Approved Research
Causal inference for complex data structure with Mendelian randomization
Lay summary
Data-driven biological research has led to numerous breakthroughs in life sciences and medicine, including helping deliver new treatments for complex diseases and deepening our understanding of biological evolution and disease etiologies. Data-driven biological research certainly calls for better statistical methods for analyzing biological datasets, to ensure that the new knowledge drawn from data analyses is not confounded by the potential violation of the assumptions made or the biases in the data collection process. Good methods should also be able to leverage as much information as possible, including information from other data collection centers, other data modalities, and even existing biological knowledge on the biological system under study. The more information available to us, the less likely we make a mistake. However, the premise is that we have good methods to achieve that.

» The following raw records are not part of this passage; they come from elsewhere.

(* Let $r\ge 3$, $k\ge 2r+13$, $m=\lfloor (k-1)/2\rfloor$, $f(n)=\binom{m}{r-1}(n-m)+\binom{m}{r}+\mathbb{1}_{2\mid k}\binom{m}{r-2}$, and $$N_{k,r}=\binom{r(k-1)}{r}+\binom{m}{r-1}m-\binom{m}{r}-\mathbb{1}_{2\mid k}\binom{m}{r-2}+r(k-1).$$ Let $n>N_{k,r}$ and let $\mathcal H$ be an $n$-vertex $r$-graph with no Berge-path of length $k$ and with at least $f(n)$ hyperedges. Let $\mathcal H'$ be obtained from $\mathcal H$ by repeatedly deleting a vertex whose degree in the current hypergraph is less than $\binom{m}{r-1}$, together with all hyperedges containing it, until no such vertex remains. Then $\mathcal H'$ has at least $r(k-1)$ vertices and minimum degree at least $\binom{m}{r-1}$.
   Context: An $r$-graph is a simple $r$-uniform hypergraph; the degree of a vertex is the number of hyperedges containing it. A Berge-path of length $t$ is an alternating sequence $v_1,e_1,\dots,e_t,v_{t+1}$ of $t+1$ distinct vertices and $t$ distinct hyperedges with $\{v_i,v_{i+1}\}\subseteq e_i$. $\mathbb{1}_{2\mid k}$ is $1$ if $k$ is even and $0$ otherwise. *)

From mathcomp Require Import all_boot.
Set Implicit Arguments. Unset Strict Implicit. Unset Printing Implicit Defensive.

(* An r-graph on vertex type T: a set E of hyperedges (subsets of T), each of size r.
   Simplicity (no repeated hyperedges) is automatic since E is a set. *)
Definition is_rgraph (T : finType) (r : nat) (E : {set {set T}}) : Prop :=
  forall e, e \in E -> #|e| = r.

Definition hdeg (T : finType) (E : {set {set T}}) (v : T) : nat :=
  #|[set e in E | v \in e]|.

(* Berge-path of length t given by vertices vs = [v_0; ...; v_t] (distinct) and
   hyperedges es = [e_0; ...; e_{t-1}] (distinct, in E) with {v_i, v_{i+1}} ⊆ e_i.
   (All indices used are in range, so the default x0 of nth is irrelevant.) *)
Definition berge_path (T : finType) (E : {set {set T}}) (t : nat)
    (vs : seq T) (es : seq {set T}) : Prop :=
  [/\ size vs = t.+1, size es = t, uniq vs && uniq es,
      all (fun e => e \in E) es &
      forall (x0 : T) (i : nat), i < t ->
        (nth x0 vs i \in nth set0 es i) && (nth x0 vs i.+1 \in nth set0 es i)].

Definition has_berge_path (T : finType) (E : {set {set T}}) (t : nat) : Prop :=
  exists vs es, berge_path E t vs es.

Definition peel_step (T : finType) (d : nat)
    (H H' : {set T} * {set {set T}}) : Prop :=
  exists2 v, v \in H.1 &
    [/\ hdeg H.2 v < d,
        H'.1 = H.1 :\ v &
        H'.2 = [set e in H.2 | v \notin e]].

Inductive peels (T : finType) (d : nat) :
    {set T} * {set {set T}} -> {set T} * {set {set T}} -> Prop :=
  | peels_refl H : peels d H H
  | peels_step H H1 H2 : peel_step d H H1 -> peels d H1 H2 -> peels d H H2.

Definition peel_result (T : finType) (d : nat)
    (H H' : {set T} * {set {set T}}) : Prop :=
  peels d H H' /\ (forall v, v \in H'.1 -> ~~ (hdeg H'.2 v < d)).

(* Each deletion removes one vertex and fewer than d := C(m, r-1) hyperedges.
   If the process stopped with fewer than L := r(k-1) vertices, the surviving
   r-graph would have at most C(L, r) hyperedges, so H itself would have at
   most C(L, r) + (d-1) n hyperedges; for n > N_{k,r} this is less than f(n). *)

From mathcomp Require Import all_boot.
From mathcomp Require Import zify.

Set Implicit Arguments.
Unset Strict Implicit.
Unset Printing Implicit Defensive.

Definition edges_within (T : finType) (H : {set T} * {set {set T}}) : Prop :=
  forall e, e \in H.2 -> e \subset H.1.

Section Peeling.

Variables (T : finType) (d : nat).
Implicit Types H : {set T} * {set {set T}}.

Lemma peel_step_subset H H' : peel_step d H H' -> H'.2 \subset H.2.
Proof. by case=> v _ [_ _ ->]; apply/subsetP => e; rewrite inE => /andP []. Qed.

Lemma peel_step_within H H' :
  peel_step d H H' -> edges_within H -> edges_within H'.
Proof.
case=> v _ [_ V' E'] sub e; rewrite E' inE => /andP [eE ve].
apply/subsetP => x xe; rewrite V' !inE (subsetP (sub e eE)) // andbT.
by apply: contraNneq ve => <-.
Qed.

Lemma card_peel_step H H' :
  peel_step d H H' -> #|H.2| + d.-1 * #|H'.1| <= #|H'.2| + d.-1 * #|H.1|.
Proof.
case=> v vH [small -> ->].
have -> : #|H.2| = #|[set e in H.2 | v \notin e]| + hdeg H.2 v.
  rewrite /hdeg -(cardsID [set e : {set T} | v \in e] H.2) addnC.
  by congr (_ + _); apply: eq_card => e; rewrite !inE andbC.
rewrite [#|H.1|](cardsD1 v) vH mulnS.
have : hdeg H.2 v <= d.-1 by move: small; case: (d).
lia.
Qed.

Lemma peels_subset H H' : peels d H H' -> H'.2 \subset H.2.
Proof.
elim=> [//|H1 H2 H3 /peel_step_subset s12 _ s23].
exact: subset_trans s23 s12.
Qed.

Lemma peels_within H H' : peels d H H' -> edges_within H -> edges_within H'.
Proof. by elim=> [//|H1 H2 H3 /peel_step_within w12 _ w23] /w12. Qed.

Lemma card_peels H H' :
  peels d H H' -> #|H.2| + d.-1 * #|H'.1| <= #|H'.2| + d.-1 * #|H.1|.
Proof. elim=> [//|H1 H2 H3 /card_peel_step c12 _ c23]; lia. Qed.

End Peeling.

Lemma card_rgraph_within (T : finType) (r : nat) (V : {set T})
    (E : {set {set T}}) :
  is_rgraph r E -> edges_within (V, E) -> #|E| <= 'C(#|V|, r).
Proof.
move=> rE within; rewrite -cards_draws; apply: subset_leq_card.
by apply/subsetP => e eE; rewrite inE within //= rE.
Qed.

Lemma bin_add_leq_binSS (m r : nat) :
  1 < r -> 'C(m, r) + 'C(m, r - 2) <= 'C(m.+2, r).
Proof. by case: r => [|[|r]] // _; rewrite !binS subn2 /=; lia. Qed.

Lemma card_peeled_rgraph (T : finType) (r d L : nat) (E : {set {set T}})
    (V' : {set T}) (E' : {set {set T}}) :
  is_rgraph r E -> peels d ([set: T], E) (V', E') -> #|V'| <= L ->
  #|E| + d.-1 * #|V'| <= 'C(L, r) + d.-1 * #|T|.
Proof.
move=> rE hp small.
have rE' e : e \in E' -> #|e| = r by move=> /(subsetP (peels_subset hp)) /rE.
have within := peels_within hp (fun e _ => subsetT e).
have := card_peels hp; rewrite /= cardsT => cE.
apply: leq_trans cE _; rewrite leq_add2r.
exact: leq_trans (card_rgraph_within rE' within) (leq_bin2l _ small).
Qed.

Theorem mainTheorem3 (r k : nat) (T : finType) (E : {set {set T}})
    (V' : {set T}) (E' : {set {set T}}) :
  3 <= r ->
  2 * r + 13 <= k ->
  let m := (k.-1)./2 in
  let ind := (~~ odd k : nat) in
  let n := #|T| in
  ('C(r * k.-1, r) + 'C(m, r.-1) * m + r * k.-1 - 'C(m, r) - ind * 'C(m, r - 2)
     < n) ->
  is_rgraph r E ->
  ~ has_berge_path E k ->
  'C(m, r.-1) * (n - m) + 'C(m, r) + ind * 'C(m, r - 2) <= #|E| ->
  peel_result 'C(m, r.-1) ([set: T], E) (V', E') ->
  r * k.-1 <= #|V'| /\ (forall v, v \in V' -> 'C(m, r.-1) <= hdeg E' v).
Proof.
move=> hr hk m ind n hn rE _ hE [hp hmin].
split; last by move=> v /hmin; rewrite -leqNgt.
rewrite leqNgt; apply/negP => /ltnW small.
have cE := card_peeled_rgraph rE hp small; rewrite -/n in cE.
have hm : m.+2 <= r * k.-1.
  by rewrite /m -divn2; have := leq_div k.-1 2; nia.
(* So the truncated subtractions in the bound on [n] are exact. *)
have hX : 'C(m, r) + ind * 'C(m, r - 2) <= 'C(r * k.-1, r).
  apply: leq_trans (leq_trans (bin_add_leq_binSS m (ltnW hr)) (leq_bin2l _ hm)).
  by rewrite leq_add2l /ind; case: (~~ odd k); rewrite ?mul1n ?mul0n.
set d := 'C(m, r.-1) in hn hE cE.
have hd : 0 < d by rewrite bin_gt0 /m; lia.
have hmn : m <= n by apply: leq_trans (leq_pmull m hd) _; lia.
have hdmn : d * m <= d * n by rewrite leq_mul2l hmn orbT.
have hdn : d.-1 * n + n = d * n by rewrite addnC -mulSn prednK.
rewrite mulnBr in hE; lia.
Qed.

In this project, our aim is to partially fulfill this goal, by developing rigorous methods for drawing causal conclusions from UK Biobank data, using datasets from multiple centers, multiple modalities, and multiple time points. We expect that our new methods can leverage more information than the existing ones, including datasets and abstract information from databases like KEGG, Gene Ontology, etc. Our goal is to ground the statistical methodologies with rigorous statistical theory, in order to offer biologists convincing evidence from statistical analyses with as small statistical errors as possible. In the long run, we believe that results from such rigorous statistical methods should be more trustworthy. Based on such results, it is also more convincing to our "consumers", such as decision-makers, and physicians, to use the new knowledge when facing important public health questions.